ATA seeks to liberalize rules on qualifying mechanical inspectors, citing shortage

Request made to FMCSA, which is taking comments on the proposal

In another sign that the pool of employees is getting tight up and down the supply chain, the American Trucking Associations is seeking a rule change to enable more supply of an overlooked part of how all the moving parts come together. 

In a notice published last week in the Federal Register, the Federal Motor Carrier Safety Administration is seeking comment on an ATA request regarding the qualifications of inspectors for both the FMCSA-mandated rule on periodic inspections, as well as brake system inspectors. The comment period ends Aug. 13. 

The ATA request would allow a person to qualify as an inspector by completing a training course “consistent with” a set of Recommended Practices that come out of the ATA’s Technology and Maintenance Council. 

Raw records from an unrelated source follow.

Lemma cone_cong n k (X : 'M[C]_(n, k)) (B : 'M[W]_n) :
  cone n B -> cone k (cong X B).
Proof.
case: opsysW => _ [_ [_ [_ [_ [_ [congP _]]]]]].
by rewrite -[X]adjmxK; apply: congP.
Qed.

Lemma cone_unscale n s (B : 'M[W]_n) :
  0 < s -> cone n (mxscale s B) -> cone n B.
Proof.
move=> s_gt0 coneB; rewrite -[B]mxscale1 -(mulVf (lt0r_neq0 s_gt0)) -mxscaleA.
by apply: (coneZ _ coneB); rewrite invr_ge0 ltW.
Qed.

Lemma cone_order_unit n (B : 'M[W]_n) :
  sa star B -> exists2 c, 0 < c & cone n (mxscale c E + B).
Proof.
case: opsysW => _ [_ [_ [_ [_ [_ [_ [_ [order_unit _]]]]]]]] saB.
have [c [c_gt0 coneB]] := order_unit n _ (saN opsys_starspace saB).
by exists c; rewrite // -tens_scalar -[B]opprK.
Qed.

Lemma cone_unit n : cone n E.
Proof.
have [c c_gt0] := cone_order_unit (sa0 opsys_starspace n).
by rewrite addr0; apply: cone_unscale.
Qed.

Lemma cone_unit_mono n a b (B : 'M[W]_n) :
  a <= b -> cone n (mxscale a E + B) -> cone n (mxscale b E + B).
Proof.
move=> le_ab coneB; rewrite -(subrK a b) mxscaleDl -addrA.
by apply: coneD coneB; apply: (coneZ _ (cone_unit n)); rewrite subr_ge0.
Qed.

Lemma cone_archimedean n (B : 'M[W]_n) : sa star B ->
  (forall eps, 0 < eps -> exists2 a, a <= eps & cone n (mxscale a E + B)) ->
  cone n B.
Proof.
case: opsysW => _ [_ [_ [_ [_ [_ [_ [_ [_ archimedean]]]]]]]] saB approxB.
apply: archimedean => // eps /approxB[a le_a_eps coneB].
by rewrite addrC tens_scalar; apply: cone_unit_mono le_a_eps coneB.
Qed.

Lemma cone_cong_rinv n (S T : 'M[C]_n) s (B : 'M[W]_n) : S *m T = 1%:M ->
  cone n (mxscale s E + cong S B) ->
  cone n (mxscale s (tens (adjmx T *m T) e) + B).
Proof.
move=> ST1 /(cone_cong T).
by rewrite congD congZ cong_tens cong_comp ST1 cong1 mulmx1; apply.
Qed.

(* s (a E + N + B) = (s N + B) + (s - 1) (c E + B) + (s a - (s - 1) c) E *)
Lemma cone_divide_scale n s c a (N B : 'M[W]_n) :
  1 <= s -> (s - 1) * c <= s * a ->
  cone n (mxscale c E + B) -> cone n (mxscale s N + B) ->
  cone n (mxscale a E + (N + B)).
Proof.
move=> s_ge1 le_sa coneB coneN; have s_gt0 : 0 < s := lt_le_trans ltr01 s_ge1.
apply: (@cone_unscale _ s) => //.
rewrite mxscaleDr mxscaleA; apply: cone_unit_mono le_sa _.
have -> : mxscale ((s - 1) * c) E + mxscale s (N + B) =
          mxscale s N + B + mxscale (s - 1) (mxscale c E + B).
  rewrite !mxscaleDr mxscaleA -{2}[B]mxscale1 -[in mxscale s B](subrKC 1 s).
  by rewrite mxscaleDl addrCA -addrA; congr (_ + _); apply: addrCA.
by apply: coneD coneN (coneZ _ coneB); rewrite subr_ge0.
Qed.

In response to email questions submitted by FreightWaves to the ATA, a spokesman said tight supplies of qualified technicians is a key reason for the request to FMCSA. But the ATA also said it believes its proposed alternative methods of obtaining certification are preferable to the current rules. 

According to the Federal Register notice, the current rule is that to be qualified as an inspector, a person needs a combination of training or experience that totals one year. 

“We believe that completing training programs based on ATA’s Technology and Maintenance Council curricula could, in fact, be more thorough and structured than the current and arbitrary requirement of having simply a ‘one-year’ equivalent,” the ATA said in an email response. “But the trucking industry could improve the technician shortage if FMCSA would allow students to complete training programs from educators based on TMC curricula and enter a career-path in the industry in less than one-year’s time.”

The qualifications to become an inspector are spelled out in detail in the federal code. The one-year total can be met by a variety of means, including participation in a training program; experience as a mechanic or inspector in a carrier’s maintenance program; similar experience at a facility like a fleet leasing company or commercial garage; and experience as an inspector for various levels of government. 

Although the proposal does not use the term “in-house” to describe the inspectors, the wording of the existing regulation on periodic inspections makes clear that the inspectors referred to would be inside a motor carrier, inspecting that fleet’s vehicles, or would be contracted for by the carrier. 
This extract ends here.